The principal contribution of this research is the development of a Sequence Feature Alignment (SFA) method specifically designed for detection transformers, aiming to minimize domain discrepancies in both global and local feature representations. The SFA comprises two innovative modules:

Domain Query-Based Feature Alignment (DQFA): This module introduces a novel domain query to the transformer model, which aggregates and aligns global context features from both the source and target token sequences. DQFA operates on both encoder and decoder stages, reducing domain discrepancies in global-level features and inter-object relations.
Token-Wise Feature Alignment (TDA): In contrast to DQFA, TDA focuses on the alignment of token features within sequences. It addresses domain gaps at local and instance levels by aligning features across domains in the transformers' encoder and decoder.

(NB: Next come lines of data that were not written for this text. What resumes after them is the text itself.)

(* Let $k$ be an algebraically closed field of characteristic $2$, $f = x^2+y^2z+yz^2$, $m \geq 5$, $R_m = k[x_0,\dots,x_m,y_0,\dots,y_m,z_0,\dots,z_m]$, and $(\mathbb{A}^3)_m = \mathrm{Spec}\, R_m$. Define $f^{(j)}\in R_m$ ($0\le j\le m$) by $f(\sum_{i=0}^m x_it^i,\sum_{i=0}^m y_it^i,\sum_{i=0}^m z_it^i) = \sum_{j=0}^m f^{(j)}t^j$ in $R_m[t]/\langle t^{m+1}\rangle$. Define the ideals $I_m^0 = \langle x_0,x_1,x_2,y_0,y_1,z_0,z_1\rangle + \langle f^{(0)},\dots,f^{(m)}\rangle$, $I_m^1 = J_m^1 (R_m)_{z_1}\cap R_m$, $I_m^2 = J_m^2 (R_m)_{y_1}\cap R_m$, $I_m^3 = J_m^3 (R_m)_{y_1}\cap R_m$, where $J_m^1 = \langle x_0,x_1,y_0,y_1,z_0\rangle + \langle f^{(0)},\dots,f^{(m)}\rangle$, $J_m^2 = \langle x_0,x_1,y_0,z_0,z_1\rangle + \langle f^{(0)},\dots,f^{(m)}\rangle$, $J_m^3 = \langle x_0,x_1,y_0,z_0,y_1+z_1\rangle + \langle f^{(0)},\dots,f^{(m)}\rangle$, and let $Z_m^i = \mathbf{V}(I_m^i)\subseteq (\mathbb{A}^3)_m$ for $i=0,1,2,3$. Let $\psi_1,\psi_2$ be the automorphisms of $(\mathbb{A}^3)_m$ corresponding to the $k$-algebra automorphisms $\varphi_1,\varphi_2$ of $R_m$ given by $\varphi_1: x_i\mapsto x_i,\ y_i\mapsto z_i,\ z_i\mapsto y_i$ and $\varphi_2: x_i\mapsto x_i,\ y_i\mapsto y_i,\ z_i\mapsto y_i+z_i$ (for all $i$). Then (1) $\psi_1(Z_m^0)=Z_m^0$, $\psi_1(Z_m^1)=Z_m^2$, $\psi_1(Z_m^2)=Z_m^1$, $\psi_1(Z_m^3)=Z_m^3$; (2) $\psi_2(Z_m^0)=Z_m^0$, $\psi_2(Z_m^1)=Z_m^1$, $\psi_2(Z_m^2)=Z_m^3$, $\psi_2(Z_m^3)=Z_m^2$.
   Context: $(R_m)_h$ is the localization of $R_m$ at powers of $h$, and $J\cdot(R_m)_h\cap R_m$ denotes the preimage in $R_m$ of the extended ideal. $\mathbf{V}(I)$ is the zero set of the ideal $I$ in $(\mathbb{A}^3)_m$. *)

From HB Require Import structures.
From mathcomp Require Import all_boot all_order all_algebra.
From mathcomp Require Import mpoly.
Set Implicit Arguments. Unset Strict Implicit. Unset Printing Implicit Defensive.
Import Order.TTheory GRing.Theory.
Local Open Scope ring_scope.
(* A power of r < 1 has no factorization of length >= 2: splitting off the
   units digit either exceeds r^j or leaves 1 = r X, which would make n divide 1. *)
Lemma pow_digit_vectors_short N c j : dval R N c = R ^+ j -> (dlen N c <= 1)%N.
Proof.
elim: N c j => [|N IH] c j; first by rewrite /dlen big_ord0.
rewrite dvalS dlenS => cj; have tail_ge0 := dval_ge0 N (shift c) (ltW R_gt0).
have head_le1 : (c 0%N)%:R <= R ^+ j by rewrite -cj lerDl mulr_ge0 // ltW.
case: j cj head_le1 => [|j] cj head_le1; case c0: (c 0%N) cj head_le1 => [|a] cj head_le1.
- have : (n %| 1)%N.
    apply: (carry_dvd (N := N) (c := fun _ => 0%N) (e := shift c) d_gt0 nd_coprime).
    rewrite (@dval_zero _ N (fun _ => 0%N)) // mulr0 addr0 mulr1n.
    by move: cj; rewrite mulr0n add0r expr0.
  by rewrite dvdn1 => /eqP n1; move: n_gt1; rewrite n1.
- move: head_le1; rewrite expr0 lern1 ltnS leqn0 => /eqP a0; rewrite a0 in cj *.
  have : R * dval R N (shift c) = 0 by move: cj; rewrite expr0 => /(canRL (addKr 1)); rewrite subrr.
  move=> /eqP; rewrite mulf_eq0 (gt_eqF R_gt0) => /eqP /(dval_eq0 R_gt0) tail0.
  by rewrite dlen_zero.
- rewrite mulr0n add0r exprS in cj; apply: (IH _ j); apply: mulfI cj; exact: lt0r_neq0.
- have : R ^+ j.+1 < 1 by rewrite exprn_ilt1 ?R_lt1 // ltW.
  by move=> /(le_lt_trans head_le1); rewrite ltrn1.
Qed.

Lemma rlt1_pow_atom j : is_atom R (R ^+ j).
Proof. by apply: pow_atom_crit => // N c _; apply: pow_digit_vectors_short. Qed.

(* If the lengths of x are bounded, no digit vector of x has a digit >= n,
   since carrying up would produce arbitrarily long factorizations. *)
Lemma bounded_lengths_small_digits x M N c :
  (forall l, is_length R x l -> (l <= M)%N) ->
  below N c -> dval R N c = x -> forall i, (c i < n)%N.
Proof.
move=> bounded cN cx i; rewrite ltnNge; apply/negP => ci.
have iN : (i < N)%N by rewrite ltnNge; apply/negP => Ni; move: ci; rewrite cN //; lia.
have [M' [e [_ ee len]]] := long_digit_vectors d_gt0 M.+1 n_lt_d cN iN ci.
by have := dval_is_length M' e rlt1_pow_atom; rewrite ee cx => /bounded; lia.
Qed.

Lemma rlt1_elasticity_finite x q : elasticity R x (Some q) -> q = 1.
Proof.
rewrite /elasticity; case: eqP => [_ [] //|/eqP x0] [m [M [xm [xM [bounds ->]]]]].
have m_gt0 := is_length_gt0 x0 xm.
have bounded l : is_length R x l -> (l <= M)%N by move=> /bounds /andP [].
have [N [c [cN cx cm]]] := is_length_dval R_gt0 xm.
have [N' [c' [cN' cx' cM]]] := is_length_dval R_gt0 xM.
have := small_digits_same_len d_gt0 nd_coprime cN cN'
  (bounded_lengths_small_digits bounded cN cx)
  (bounded_lengths_small_digits bounded cN' cx') (etrans cx (esym cx')).
by rewrite cm cM => <-; rewrite divff // pnatr_eq0 -lt0n.
Qed.

(* The element n = n r^0 has a digit n, hence unbounded factorization lengths. *)
Lemma rlt1_elasticity_inf : elasticity R n%:R None.
Proof.
have n_val : dval R 1 (single n 0) = n%:R by rewrite dval_single // expr0 mulr1.
rewrite /elasticity pnatr_eq0 gtn_eqF ?(ltnW n_gt1) // => K.
have digit0 : (n <= single n 0 0)%N by rewrite /single eqxx.
have [M [e [_ ee len]]] :=
  long_digit_vectors d_gt0 K.+1 n_lt_d (below_single n (ltnSn 0)) (ltnSn 0) digit0.
exists (dlen M e); split; first by have := dval_is_length M e rlt1_pow_atom; rewrite ee n_val.
by move: len; rewrite dlen_single //; lia.
Qed.

Lemma rlt1_elast_set v : elast_set R v <-> v = Some 1 \/ v = None.
Proof.
split=> [[x [_]]|[->|->]]; last 2 first.
- exact: elast_set_one.
- exists n%:R; split; last exact: rlt1_elasticity_inf.
  by have := dval_in_Sr R 1 (single n 0); rewrite dval_single // expr0 mulr1.
by case: v => [q /rlt1_elasticity_finite ->|]; [left | right].
Qed.
End RatioBelowOne.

Moreover, a novel bipartite matching consistency loss is employed to enhance feature discriminability by ensuring robust object detection.

Experimental Insights

The experimental results underscore the efficacy of SFA across three challenging benchmarks: weather adaptation (Cityscapes to Foggy Cityscapes), synthetic to real adaptation (Sim10k to Cityscapes), and scene adaptation (Cityscapes to BDD100k). Notably, SFA consistently outperforms existing state-of-the-art DAOD methods, confirming its ability to significantly improve the cross-domain performance of detection transformers. For instance, SFA enhances the Deformable DETR's mAP by over 12.8 percent compared to baseline models on the Cityscapes to Foggy Cityscapes benchmark.

Theoretical Implications

Theoretical analysis within the study suggests that the improvements brought by SFA can be attributed to how it addresses the principal components of domain adaptation error. By effectively minimizing feature domain divergence and maintaining feature discriminability across domains, SFA reduces target domain prediction error. Furthermore, the paper introduces a covering bound for the discriminator, demonstrating how a simple discriminator can enhance generalizability in adversarial training setups, subsequently improving domain adaptation performance.

Future Directions

The study opens several pathways for future research. One key area is further optimization of sequence alignment processes to bolster feature invariance across domains without compromising detection accuracy. Additionally, leveraging these alignment strategies in conjunction with other transformer-based models in different vision tasks could be a promising direction.

In summary, "Exploring Sequence Feature Alignment for Domain Adaptive Detection Transformers" contributes significantly to domain adaptation literature by pioneering methods tailored explicitly for detection transformers, thus laying a strong foundation for subsequent advancements in the field.